[Recorded data]

※

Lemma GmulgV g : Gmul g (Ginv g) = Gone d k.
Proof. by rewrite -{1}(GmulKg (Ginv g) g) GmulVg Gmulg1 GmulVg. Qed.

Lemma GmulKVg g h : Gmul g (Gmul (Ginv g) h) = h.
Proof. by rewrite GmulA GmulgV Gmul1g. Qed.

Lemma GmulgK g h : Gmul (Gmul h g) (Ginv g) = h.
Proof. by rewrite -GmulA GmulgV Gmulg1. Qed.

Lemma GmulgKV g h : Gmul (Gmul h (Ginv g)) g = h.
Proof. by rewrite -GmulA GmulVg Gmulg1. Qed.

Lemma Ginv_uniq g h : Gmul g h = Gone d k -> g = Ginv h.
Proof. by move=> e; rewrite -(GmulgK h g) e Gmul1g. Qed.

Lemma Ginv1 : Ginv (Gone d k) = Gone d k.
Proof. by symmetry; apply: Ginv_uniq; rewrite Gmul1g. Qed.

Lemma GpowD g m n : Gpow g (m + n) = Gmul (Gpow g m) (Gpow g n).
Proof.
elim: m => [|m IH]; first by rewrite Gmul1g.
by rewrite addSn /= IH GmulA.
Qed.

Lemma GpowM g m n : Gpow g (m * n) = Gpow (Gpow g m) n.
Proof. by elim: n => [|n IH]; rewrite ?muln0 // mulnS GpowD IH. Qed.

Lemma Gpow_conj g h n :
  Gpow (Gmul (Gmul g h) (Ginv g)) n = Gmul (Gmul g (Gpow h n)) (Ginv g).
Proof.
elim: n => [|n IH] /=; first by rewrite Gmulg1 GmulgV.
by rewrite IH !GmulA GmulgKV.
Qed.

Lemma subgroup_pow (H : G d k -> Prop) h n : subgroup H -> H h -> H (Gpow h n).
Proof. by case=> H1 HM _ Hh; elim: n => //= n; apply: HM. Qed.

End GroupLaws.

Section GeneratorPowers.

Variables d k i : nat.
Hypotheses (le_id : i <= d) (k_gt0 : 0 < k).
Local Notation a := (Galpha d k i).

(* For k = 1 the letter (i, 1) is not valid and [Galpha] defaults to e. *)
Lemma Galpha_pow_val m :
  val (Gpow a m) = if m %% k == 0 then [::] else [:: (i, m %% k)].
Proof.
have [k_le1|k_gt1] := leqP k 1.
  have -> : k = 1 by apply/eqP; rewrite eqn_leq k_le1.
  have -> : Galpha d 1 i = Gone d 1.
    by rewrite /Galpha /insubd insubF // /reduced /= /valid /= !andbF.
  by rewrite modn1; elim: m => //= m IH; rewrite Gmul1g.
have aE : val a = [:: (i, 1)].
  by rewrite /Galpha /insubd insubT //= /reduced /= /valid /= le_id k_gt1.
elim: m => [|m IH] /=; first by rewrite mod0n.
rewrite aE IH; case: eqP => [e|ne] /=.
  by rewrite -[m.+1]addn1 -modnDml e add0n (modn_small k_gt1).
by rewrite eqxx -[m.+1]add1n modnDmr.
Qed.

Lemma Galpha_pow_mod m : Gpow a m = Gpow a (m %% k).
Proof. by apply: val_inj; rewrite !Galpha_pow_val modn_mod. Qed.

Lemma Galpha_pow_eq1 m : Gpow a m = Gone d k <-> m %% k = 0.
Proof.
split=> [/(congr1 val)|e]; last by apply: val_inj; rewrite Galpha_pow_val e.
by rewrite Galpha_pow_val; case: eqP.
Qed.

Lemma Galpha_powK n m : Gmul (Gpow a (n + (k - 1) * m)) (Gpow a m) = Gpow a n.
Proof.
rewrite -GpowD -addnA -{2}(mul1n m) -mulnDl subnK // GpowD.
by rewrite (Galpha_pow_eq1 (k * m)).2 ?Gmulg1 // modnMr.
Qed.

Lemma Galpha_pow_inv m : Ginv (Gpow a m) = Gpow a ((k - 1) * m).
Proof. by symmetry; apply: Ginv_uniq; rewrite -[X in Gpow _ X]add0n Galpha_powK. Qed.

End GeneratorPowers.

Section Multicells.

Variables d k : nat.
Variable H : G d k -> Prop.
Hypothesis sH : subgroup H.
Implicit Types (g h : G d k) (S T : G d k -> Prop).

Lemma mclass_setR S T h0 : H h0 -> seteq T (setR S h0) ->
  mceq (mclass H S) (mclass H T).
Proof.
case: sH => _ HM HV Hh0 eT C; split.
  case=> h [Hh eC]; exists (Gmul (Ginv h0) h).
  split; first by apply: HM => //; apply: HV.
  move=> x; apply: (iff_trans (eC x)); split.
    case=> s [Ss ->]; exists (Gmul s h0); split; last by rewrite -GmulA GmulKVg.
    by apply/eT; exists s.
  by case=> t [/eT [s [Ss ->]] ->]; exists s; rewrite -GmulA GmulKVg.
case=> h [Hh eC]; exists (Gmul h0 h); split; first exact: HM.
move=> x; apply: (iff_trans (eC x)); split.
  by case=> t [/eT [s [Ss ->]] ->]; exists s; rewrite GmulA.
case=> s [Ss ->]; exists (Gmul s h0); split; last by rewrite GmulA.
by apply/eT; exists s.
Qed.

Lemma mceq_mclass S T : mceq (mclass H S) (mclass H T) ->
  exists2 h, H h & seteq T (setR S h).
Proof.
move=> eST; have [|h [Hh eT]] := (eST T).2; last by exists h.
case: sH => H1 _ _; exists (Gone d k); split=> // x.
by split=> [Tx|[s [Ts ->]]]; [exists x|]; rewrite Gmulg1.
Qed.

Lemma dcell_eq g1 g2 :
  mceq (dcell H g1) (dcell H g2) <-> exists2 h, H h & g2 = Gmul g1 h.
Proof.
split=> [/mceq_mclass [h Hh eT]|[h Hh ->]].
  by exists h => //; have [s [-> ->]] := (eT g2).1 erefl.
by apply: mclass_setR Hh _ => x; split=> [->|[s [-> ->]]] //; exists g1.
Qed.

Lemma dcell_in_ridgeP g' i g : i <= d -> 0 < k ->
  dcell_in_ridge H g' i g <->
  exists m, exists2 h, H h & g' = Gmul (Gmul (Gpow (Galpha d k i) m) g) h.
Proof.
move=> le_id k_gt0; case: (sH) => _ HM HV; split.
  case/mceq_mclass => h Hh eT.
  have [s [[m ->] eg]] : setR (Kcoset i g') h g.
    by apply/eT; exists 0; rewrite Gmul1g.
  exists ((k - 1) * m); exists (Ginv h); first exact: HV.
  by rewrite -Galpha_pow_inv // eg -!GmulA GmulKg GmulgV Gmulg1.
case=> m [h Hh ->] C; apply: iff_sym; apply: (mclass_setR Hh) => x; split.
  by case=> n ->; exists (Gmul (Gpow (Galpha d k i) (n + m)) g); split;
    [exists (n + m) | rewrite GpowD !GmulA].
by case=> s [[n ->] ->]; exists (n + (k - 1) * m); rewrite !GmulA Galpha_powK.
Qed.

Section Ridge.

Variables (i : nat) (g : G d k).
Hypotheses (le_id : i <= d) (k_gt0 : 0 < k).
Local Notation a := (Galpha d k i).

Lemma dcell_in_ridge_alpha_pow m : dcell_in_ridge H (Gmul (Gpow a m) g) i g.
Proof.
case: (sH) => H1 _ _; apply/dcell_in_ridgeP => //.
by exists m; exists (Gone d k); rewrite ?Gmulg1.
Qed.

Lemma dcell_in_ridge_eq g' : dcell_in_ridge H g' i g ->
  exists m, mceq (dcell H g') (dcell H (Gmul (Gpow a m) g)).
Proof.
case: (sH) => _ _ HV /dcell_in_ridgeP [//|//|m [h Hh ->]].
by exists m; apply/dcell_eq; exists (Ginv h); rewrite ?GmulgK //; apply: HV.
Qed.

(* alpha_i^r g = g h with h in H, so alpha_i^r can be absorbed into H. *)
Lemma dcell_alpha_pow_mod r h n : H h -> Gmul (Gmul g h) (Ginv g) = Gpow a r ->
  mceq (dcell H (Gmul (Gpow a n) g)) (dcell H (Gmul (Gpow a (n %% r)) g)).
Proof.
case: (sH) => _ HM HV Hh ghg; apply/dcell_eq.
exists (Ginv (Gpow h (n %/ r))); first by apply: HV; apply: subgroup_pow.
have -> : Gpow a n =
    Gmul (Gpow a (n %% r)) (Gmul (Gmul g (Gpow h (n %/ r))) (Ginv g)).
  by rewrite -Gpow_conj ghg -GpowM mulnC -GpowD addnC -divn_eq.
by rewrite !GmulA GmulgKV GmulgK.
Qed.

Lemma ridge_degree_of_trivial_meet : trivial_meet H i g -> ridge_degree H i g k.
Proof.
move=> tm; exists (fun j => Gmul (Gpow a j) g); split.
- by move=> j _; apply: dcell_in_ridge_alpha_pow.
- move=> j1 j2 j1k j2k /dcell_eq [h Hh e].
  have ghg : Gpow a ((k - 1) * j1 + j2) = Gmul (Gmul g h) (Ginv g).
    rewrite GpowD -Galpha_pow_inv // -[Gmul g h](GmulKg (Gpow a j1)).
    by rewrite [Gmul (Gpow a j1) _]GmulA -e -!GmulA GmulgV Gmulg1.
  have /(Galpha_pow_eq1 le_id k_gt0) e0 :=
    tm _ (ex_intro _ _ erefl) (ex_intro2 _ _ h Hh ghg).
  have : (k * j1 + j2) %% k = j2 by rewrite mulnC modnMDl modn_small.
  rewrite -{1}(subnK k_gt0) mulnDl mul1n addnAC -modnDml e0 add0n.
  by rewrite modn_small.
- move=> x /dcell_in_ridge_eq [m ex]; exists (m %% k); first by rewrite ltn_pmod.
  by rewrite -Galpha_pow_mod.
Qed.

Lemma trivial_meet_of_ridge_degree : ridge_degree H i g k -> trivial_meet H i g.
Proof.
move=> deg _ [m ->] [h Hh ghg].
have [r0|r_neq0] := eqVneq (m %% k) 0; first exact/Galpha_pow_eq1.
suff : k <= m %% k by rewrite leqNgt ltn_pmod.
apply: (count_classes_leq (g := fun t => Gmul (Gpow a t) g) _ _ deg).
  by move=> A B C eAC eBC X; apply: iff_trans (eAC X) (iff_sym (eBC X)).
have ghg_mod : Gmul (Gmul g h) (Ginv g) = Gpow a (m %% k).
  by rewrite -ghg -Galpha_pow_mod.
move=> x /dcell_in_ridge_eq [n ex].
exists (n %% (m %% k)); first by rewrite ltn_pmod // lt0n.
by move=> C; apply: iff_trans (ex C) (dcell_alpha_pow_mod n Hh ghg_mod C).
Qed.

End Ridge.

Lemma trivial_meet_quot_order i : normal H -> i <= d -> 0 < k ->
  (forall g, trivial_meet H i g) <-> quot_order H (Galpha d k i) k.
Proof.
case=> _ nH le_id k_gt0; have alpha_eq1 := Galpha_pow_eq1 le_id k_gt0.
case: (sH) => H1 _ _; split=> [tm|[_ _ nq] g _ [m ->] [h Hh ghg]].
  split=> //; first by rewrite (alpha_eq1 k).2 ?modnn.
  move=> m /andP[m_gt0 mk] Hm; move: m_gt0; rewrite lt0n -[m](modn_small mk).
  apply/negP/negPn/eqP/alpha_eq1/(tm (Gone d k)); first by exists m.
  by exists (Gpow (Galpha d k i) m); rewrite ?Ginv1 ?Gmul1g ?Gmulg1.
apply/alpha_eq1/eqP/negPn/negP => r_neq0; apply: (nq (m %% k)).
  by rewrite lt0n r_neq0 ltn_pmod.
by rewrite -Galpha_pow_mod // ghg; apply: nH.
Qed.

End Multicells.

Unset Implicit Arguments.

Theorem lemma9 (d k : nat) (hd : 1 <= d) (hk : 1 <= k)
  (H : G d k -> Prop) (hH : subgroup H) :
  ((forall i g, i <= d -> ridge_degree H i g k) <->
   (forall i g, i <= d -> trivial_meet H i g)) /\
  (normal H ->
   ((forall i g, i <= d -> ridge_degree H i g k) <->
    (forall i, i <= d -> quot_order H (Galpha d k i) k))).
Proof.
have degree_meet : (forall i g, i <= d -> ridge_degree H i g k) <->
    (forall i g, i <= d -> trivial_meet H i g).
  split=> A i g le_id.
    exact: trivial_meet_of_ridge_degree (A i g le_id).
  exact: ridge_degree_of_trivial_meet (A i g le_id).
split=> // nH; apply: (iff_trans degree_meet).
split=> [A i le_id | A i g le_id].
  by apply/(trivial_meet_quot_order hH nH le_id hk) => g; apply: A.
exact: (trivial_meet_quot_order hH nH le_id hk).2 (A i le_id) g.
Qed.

※

Instructions for the task
Each line of the data that contains "Implicit" belongs in the answer.

Written response
Implicit Types (g h : G d k) (S T : G d k -> Prop).
Unset Implicit Arguments.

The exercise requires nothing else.